Thứ Tư, 3 tháng 7, 2013

BEST SHOT: AMERICAN GRAFFITI

The summer hiatus of Hit Me with Your Best Shot at The Film Experience has ended, and our goodly host Nathaniel picked one of the all-time great summer movies to bring the series back: George Lucas's 1973 nostalgiathon American Graffiti. This is not, maybe, the most singularly convenient time to start gushing about a film that I have always loved rather more than it's perhaps fashionable to do, but it's a real triumph of a certain strain of independent filmmaking: a better example of doing more with less you'll rarely find, and both the cinematography and sound design (especially the sound design) are as legitimately creative and complex and even revolutionary as anything else going on in American cinema in the amazingly fecund first half of the 1970s. Hard to think of Lucas as truly clever filmmaker, after three Star Wars prequels went deeper and deeper into soulless "more is more" effects-driven nonsense, but American Graffiti, anyway, is a great movie by a talented, hungry kid, and I persist in regarding it as his masterpiece, all respect due to the first Star Wars for all the things it accomplished.

The film is about a lot of things, all of them clustered around the idea of being a teenager: its arc rather gently moves from celebrating the culture of being 18 in 1962 (and guess what bearded, plaid-wearing filmmaker was 18 in '62?) to quietly sobering up and realising that you're not going to be 18 forever, punctuating the film with an impressively bloodless reminder that the Vietnam War (which, in '73 was still very present in everybody's mind) was about to come along and demolish the breezy innocence of the protagonists' lives. That is, anyway, the angle on the film I decided to focus on (there are multiple angles you could pick: the sexual lives of teenagers, the American love of cars, even the way it celebrates music, though that last one would be hard to fit into this game).

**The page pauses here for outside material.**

(* Let $P$ be a finite nonempty set of points lying in a single quadrant $Q$ with respect to the origin $s$, and let $e\ne s$ be such that the line $\overline{se}$ is in the quadrant $Q$ but lies outside the two bounding lines, i.e. $\theta_{s,e}>\theta_{ub}$ or $\theta_{s,e}<\theta_{lb}$. Then, with $d^{\max}=\max_{p\in P} d(p,\overline{se})$, $$d^{\max} \ge \max\Big\{ \min\{d(l_1,\overline{se}),d(l_2,\overline{se})\},\ \min\{d(u_1,\overline{se}),d(u_2,\overline{se})\},\ D\Big\},$$ where $D = d(c_n,\overline{se})$ if $d(s,e) < d(s,c_f)$ and $D = d(c_f,\overline{se})$ if $d(s,e)\ge d(s,c_f)$; and $$d^{\max} \le \max\{ d(l_1,\overline{se}),d(l_2,\overline{se}),d(u_1,\overline{se}),d(u_2,\overline{se}),\ d(c_f,\overline{se})\}.$$
   Context: Bounded Quadrant System (BQS) setup. Points are in the plane with UTM-projected $x$ and $y$ axes, and the start point $s$ is taken as the origin. For a point $p\ne s$, $\theta(p)\in[0,2\pi)$ is the angle between the positive $x$ axis and the vector from $s$ to $p$; $\theta_{s,e}=\theta(e)$. The four quadrants are $Q_k=\{p\neq s: (k-1)\pi/2 \le \theta(p) < k\pi/2\}$, $k=1,\dots,4$; quadrant $Q_k$ has angle range $[\theta^Q_{start},\theta^Q_{end}) = [(k-1)\pi/2,k\pi/2)$. A line $\overline{se}$ is ''in'' quadrant $Q$ if $\theta^Q_{start}\le \theta_{s,e}<\theta^Q_{end}$. For a finite nonempty $P\subset Q$: the bounding box is the smallest closed axis-parallel rectangle containing $P$, with corners $c_1,\dots,c_4$; $c_n$ and $c_f$ are the corners of the box nearest to and farthest from the origin $s$ (e.g. in the first quadrant $c_n=(x_{\min},y_{\min})$, $c_f=(x_{\max},y_{\max})$). $\theta_{lb}=\min_{p\in P}\theta(p)$ and $\theta_{ub}=\max_{p\in P}\theta(p)$; the lower (resp. upper) bounding line is the ray from $s$ at angle $\theta_{lb}$ (resp. $\theta_{ub}$). $l_1,l_2$ are the intersection points of the lower bounding line with the boundary of the bounding box and $u_1,u_2$ those of the upper bounding line, with index 1 the intersection nearer to $s$ (they may coincide). $d(p,\overline{se})$ is the Euclidean distance from the point $p$ to the line segment from $s$ to $e$. *)

From Stdlib Require Import Reals Lra List.
Import ListNotations.
Open Scope R_scope.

So I quickly ended up torn between two shots, at either end of that arc: the one I didn't pick was the very first shot of the Cruising, the line of cars full of teens just driving up and down, listening to music, introduced in a very simple pan to the left married to crane shot up that sweeps the line of cars and all the unbridled teenage energy the represent into our line of sight with an iconic potency worthy of the man who'd later change the way that movies work because of how well he framed the opening shot of a Star Destroyer.




As I said, though, that's what I didn't go with. For my actual pick for Best Shot of American Graffiti, I went allllll the way to the other side (so, Spoilers, I guess), to a shot that reverse this in almost every way but one: it too involves a right-to-left pan, though I didn't include that part. It's of a stopped car, not a moving one; the people involved are facing away from us; and instead of being at the very beginning of night, it's at the first light of morning.

The two teens, Terry the Toad (Charles Martin Smith) and John Milner (Paul Le Mat) are talking about the race Milner just won by default; he's angry and depressed, while Terry is bubbling over trying to convince him that everything is all right, but this comes off as very silly and trivial and not entirely convincing, given how much at odds it is with all of the emotional journeys that have just wrapped up. Terry is repeating his belief in a normal, "way things are", but the whole movie has been about dismantling that kind of certainty, and the metaphor of dawn (which is surely not being used very subtly anywhere in this scene) is simply underlining that this is a time for new things and forward movement. And that forward movement isn't, to a great degree, going to involve the old Terry or old John who (spoilers again) will both be dead within three years.

On the level of pure image, this is straight-up Western iconography: the silhouettes of men staring at the sun across a wide expanse of plain, their trusty steed by their side (for as I'm hardly the first to point out, the car and the horse are descended from each other, as far as their position within a kind of American masculinity). And almost every time that it appears in a Western - think the last shot of The Searchers - it's implying a bittersweet sense of passing away. That's exactly the feeling of this moment at the end of American Graffiti: the night is over, the day is beginning, and the time for being a child for whom cruising, sex, and music are the be-all and end-all of life has ended. This beautiful but also detached and melancholy frame is, to me, the perfect embodiment of that feeling.